* **STUDY MATERIAL**
───
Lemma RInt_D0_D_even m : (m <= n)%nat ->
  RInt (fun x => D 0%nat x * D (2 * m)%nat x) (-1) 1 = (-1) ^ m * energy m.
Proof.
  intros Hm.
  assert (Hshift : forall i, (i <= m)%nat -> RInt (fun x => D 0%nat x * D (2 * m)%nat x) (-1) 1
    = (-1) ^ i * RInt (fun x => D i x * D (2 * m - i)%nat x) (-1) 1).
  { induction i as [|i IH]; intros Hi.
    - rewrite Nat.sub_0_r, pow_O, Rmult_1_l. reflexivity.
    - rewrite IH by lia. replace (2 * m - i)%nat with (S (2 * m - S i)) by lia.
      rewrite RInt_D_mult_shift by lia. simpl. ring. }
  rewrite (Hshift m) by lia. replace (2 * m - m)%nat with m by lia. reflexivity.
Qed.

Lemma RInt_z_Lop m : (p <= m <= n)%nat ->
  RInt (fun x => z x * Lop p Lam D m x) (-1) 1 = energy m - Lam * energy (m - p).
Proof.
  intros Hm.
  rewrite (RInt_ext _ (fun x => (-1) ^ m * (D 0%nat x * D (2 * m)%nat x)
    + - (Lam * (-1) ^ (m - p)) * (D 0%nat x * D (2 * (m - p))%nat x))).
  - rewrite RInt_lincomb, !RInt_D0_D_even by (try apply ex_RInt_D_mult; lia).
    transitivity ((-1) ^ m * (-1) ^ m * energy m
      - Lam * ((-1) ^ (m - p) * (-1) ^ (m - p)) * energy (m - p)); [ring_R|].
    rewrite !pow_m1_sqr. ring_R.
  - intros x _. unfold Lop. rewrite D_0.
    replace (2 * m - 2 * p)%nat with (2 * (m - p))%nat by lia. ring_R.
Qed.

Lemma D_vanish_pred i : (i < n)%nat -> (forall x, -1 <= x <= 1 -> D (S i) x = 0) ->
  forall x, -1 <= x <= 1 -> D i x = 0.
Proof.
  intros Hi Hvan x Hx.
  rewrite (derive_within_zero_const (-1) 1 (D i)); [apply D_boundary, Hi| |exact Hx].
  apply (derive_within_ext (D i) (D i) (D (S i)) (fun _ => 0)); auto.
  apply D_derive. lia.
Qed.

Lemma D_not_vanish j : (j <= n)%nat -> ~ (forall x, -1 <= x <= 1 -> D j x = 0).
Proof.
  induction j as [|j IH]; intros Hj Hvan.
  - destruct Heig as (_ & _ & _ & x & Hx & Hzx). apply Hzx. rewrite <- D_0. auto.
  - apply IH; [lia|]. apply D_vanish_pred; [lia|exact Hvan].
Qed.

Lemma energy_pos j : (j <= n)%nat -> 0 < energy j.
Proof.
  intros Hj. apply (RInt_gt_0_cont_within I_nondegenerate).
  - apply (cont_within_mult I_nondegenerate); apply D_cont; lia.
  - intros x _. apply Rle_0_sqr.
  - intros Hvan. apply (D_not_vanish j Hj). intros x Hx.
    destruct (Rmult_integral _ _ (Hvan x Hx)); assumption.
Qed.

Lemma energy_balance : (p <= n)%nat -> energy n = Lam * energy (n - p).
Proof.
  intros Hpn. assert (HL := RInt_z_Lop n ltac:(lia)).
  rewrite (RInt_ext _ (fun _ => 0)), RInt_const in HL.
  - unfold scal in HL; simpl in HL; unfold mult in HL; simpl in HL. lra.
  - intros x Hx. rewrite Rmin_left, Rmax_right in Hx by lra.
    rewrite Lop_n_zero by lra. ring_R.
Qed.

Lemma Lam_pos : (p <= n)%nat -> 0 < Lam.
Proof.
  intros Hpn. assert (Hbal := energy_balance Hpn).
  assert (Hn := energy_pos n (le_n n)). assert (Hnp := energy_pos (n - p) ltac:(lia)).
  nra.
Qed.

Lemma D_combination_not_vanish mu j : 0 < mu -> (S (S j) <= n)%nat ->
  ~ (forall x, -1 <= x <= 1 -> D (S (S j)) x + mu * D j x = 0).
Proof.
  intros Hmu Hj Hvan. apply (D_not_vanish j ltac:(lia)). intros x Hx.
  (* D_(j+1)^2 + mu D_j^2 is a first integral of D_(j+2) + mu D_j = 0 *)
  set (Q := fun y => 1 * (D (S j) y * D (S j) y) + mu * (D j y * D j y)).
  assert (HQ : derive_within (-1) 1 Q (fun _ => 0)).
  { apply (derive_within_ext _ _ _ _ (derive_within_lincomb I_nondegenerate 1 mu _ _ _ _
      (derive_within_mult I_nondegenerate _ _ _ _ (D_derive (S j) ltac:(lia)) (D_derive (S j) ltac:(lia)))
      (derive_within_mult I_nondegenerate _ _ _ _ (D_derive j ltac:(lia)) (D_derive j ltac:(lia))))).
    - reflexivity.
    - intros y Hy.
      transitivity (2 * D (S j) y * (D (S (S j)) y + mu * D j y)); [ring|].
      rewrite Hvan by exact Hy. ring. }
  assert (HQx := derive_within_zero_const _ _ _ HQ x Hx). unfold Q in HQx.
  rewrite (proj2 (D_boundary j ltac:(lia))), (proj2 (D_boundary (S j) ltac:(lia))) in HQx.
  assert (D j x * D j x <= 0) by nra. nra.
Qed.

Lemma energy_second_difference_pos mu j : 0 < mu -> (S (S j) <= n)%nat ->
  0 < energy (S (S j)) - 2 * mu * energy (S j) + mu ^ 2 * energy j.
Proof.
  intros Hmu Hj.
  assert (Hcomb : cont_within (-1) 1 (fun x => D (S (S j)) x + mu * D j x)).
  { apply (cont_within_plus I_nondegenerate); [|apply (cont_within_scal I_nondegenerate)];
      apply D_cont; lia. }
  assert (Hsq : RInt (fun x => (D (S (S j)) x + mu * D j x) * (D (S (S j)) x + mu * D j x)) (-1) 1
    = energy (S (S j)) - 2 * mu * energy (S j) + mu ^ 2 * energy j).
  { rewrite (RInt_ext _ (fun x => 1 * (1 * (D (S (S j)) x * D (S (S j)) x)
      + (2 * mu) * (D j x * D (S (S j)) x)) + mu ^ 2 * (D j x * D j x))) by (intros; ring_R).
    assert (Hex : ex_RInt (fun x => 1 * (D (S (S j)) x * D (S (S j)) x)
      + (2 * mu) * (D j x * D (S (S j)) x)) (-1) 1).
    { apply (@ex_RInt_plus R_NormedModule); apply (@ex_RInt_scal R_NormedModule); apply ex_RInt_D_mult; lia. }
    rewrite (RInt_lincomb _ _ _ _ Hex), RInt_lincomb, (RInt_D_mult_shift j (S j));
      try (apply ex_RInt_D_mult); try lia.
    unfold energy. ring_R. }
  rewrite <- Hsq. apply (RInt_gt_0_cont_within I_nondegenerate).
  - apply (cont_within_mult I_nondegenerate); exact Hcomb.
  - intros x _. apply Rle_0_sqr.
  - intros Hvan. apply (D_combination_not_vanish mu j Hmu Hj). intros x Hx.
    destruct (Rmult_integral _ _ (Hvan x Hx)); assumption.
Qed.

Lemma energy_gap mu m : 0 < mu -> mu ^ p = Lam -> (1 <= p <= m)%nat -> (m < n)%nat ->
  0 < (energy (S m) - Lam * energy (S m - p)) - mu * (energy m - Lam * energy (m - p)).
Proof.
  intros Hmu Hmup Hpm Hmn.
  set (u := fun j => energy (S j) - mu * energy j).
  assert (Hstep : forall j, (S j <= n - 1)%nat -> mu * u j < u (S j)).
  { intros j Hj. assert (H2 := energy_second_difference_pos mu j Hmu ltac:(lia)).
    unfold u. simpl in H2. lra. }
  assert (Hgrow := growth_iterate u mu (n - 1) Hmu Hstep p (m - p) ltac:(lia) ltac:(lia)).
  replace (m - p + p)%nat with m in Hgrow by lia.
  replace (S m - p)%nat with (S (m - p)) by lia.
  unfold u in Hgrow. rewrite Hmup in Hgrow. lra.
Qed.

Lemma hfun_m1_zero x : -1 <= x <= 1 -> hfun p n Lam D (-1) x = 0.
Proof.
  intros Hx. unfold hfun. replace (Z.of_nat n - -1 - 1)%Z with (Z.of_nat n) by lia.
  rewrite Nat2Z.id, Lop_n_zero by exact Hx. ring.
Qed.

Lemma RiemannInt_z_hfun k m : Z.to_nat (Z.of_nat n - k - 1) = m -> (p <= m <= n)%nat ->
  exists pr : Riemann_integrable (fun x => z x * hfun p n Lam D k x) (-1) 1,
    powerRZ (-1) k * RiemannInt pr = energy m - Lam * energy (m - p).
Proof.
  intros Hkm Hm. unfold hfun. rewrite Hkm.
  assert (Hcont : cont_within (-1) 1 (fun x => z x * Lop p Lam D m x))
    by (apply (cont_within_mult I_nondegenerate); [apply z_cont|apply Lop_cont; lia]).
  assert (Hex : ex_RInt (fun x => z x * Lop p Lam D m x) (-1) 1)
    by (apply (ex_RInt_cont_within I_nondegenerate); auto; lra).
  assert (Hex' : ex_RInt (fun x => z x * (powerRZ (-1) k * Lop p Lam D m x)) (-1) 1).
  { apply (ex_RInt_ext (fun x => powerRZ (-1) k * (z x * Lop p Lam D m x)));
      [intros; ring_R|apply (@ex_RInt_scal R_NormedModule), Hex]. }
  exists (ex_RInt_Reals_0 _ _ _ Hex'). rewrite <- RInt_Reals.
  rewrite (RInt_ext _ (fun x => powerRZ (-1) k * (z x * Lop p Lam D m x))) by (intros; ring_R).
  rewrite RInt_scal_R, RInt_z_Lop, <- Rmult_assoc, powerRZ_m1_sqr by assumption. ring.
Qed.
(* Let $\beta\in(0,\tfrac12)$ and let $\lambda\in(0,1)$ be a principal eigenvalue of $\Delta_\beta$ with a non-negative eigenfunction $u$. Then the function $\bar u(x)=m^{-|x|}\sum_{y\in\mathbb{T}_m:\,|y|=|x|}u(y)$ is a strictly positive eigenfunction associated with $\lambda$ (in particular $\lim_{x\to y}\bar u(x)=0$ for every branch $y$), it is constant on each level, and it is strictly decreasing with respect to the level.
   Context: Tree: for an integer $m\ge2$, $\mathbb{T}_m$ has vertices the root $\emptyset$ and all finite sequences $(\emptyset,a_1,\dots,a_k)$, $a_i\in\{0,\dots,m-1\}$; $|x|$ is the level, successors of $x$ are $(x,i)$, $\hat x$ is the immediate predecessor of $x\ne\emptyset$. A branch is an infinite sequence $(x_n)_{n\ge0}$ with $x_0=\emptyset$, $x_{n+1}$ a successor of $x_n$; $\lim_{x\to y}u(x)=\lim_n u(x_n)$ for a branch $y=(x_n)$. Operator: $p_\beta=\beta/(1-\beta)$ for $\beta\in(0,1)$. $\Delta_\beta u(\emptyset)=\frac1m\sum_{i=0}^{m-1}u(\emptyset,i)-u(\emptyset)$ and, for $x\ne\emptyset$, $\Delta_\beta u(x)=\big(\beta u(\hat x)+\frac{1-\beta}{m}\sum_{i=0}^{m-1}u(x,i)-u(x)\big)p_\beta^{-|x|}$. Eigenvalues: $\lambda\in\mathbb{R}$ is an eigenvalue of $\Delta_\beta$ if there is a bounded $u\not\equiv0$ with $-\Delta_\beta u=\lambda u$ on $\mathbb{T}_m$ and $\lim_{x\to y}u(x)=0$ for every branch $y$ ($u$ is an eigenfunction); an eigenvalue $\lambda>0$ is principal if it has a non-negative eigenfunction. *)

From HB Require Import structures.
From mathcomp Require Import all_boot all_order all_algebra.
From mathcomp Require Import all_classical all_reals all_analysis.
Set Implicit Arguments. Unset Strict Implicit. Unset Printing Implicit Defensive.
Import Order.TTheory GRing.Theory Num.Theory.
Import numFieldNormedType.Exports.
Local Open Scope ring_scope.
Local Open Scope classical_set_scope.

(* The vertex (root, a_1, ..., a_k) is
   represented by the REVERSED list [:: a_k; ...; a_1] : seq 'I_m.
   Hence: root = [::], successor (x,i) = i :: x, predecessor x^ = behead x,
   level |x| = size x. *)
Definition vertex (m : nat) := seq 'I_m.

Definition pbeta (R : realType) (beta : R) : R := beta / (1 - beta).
───
* **TASK**
From the records above, pull out every line containing the word "Scope".

* **ANSWER BOX**
Local Open Scope ring_scope.
Local Open Scope classical_set_scope.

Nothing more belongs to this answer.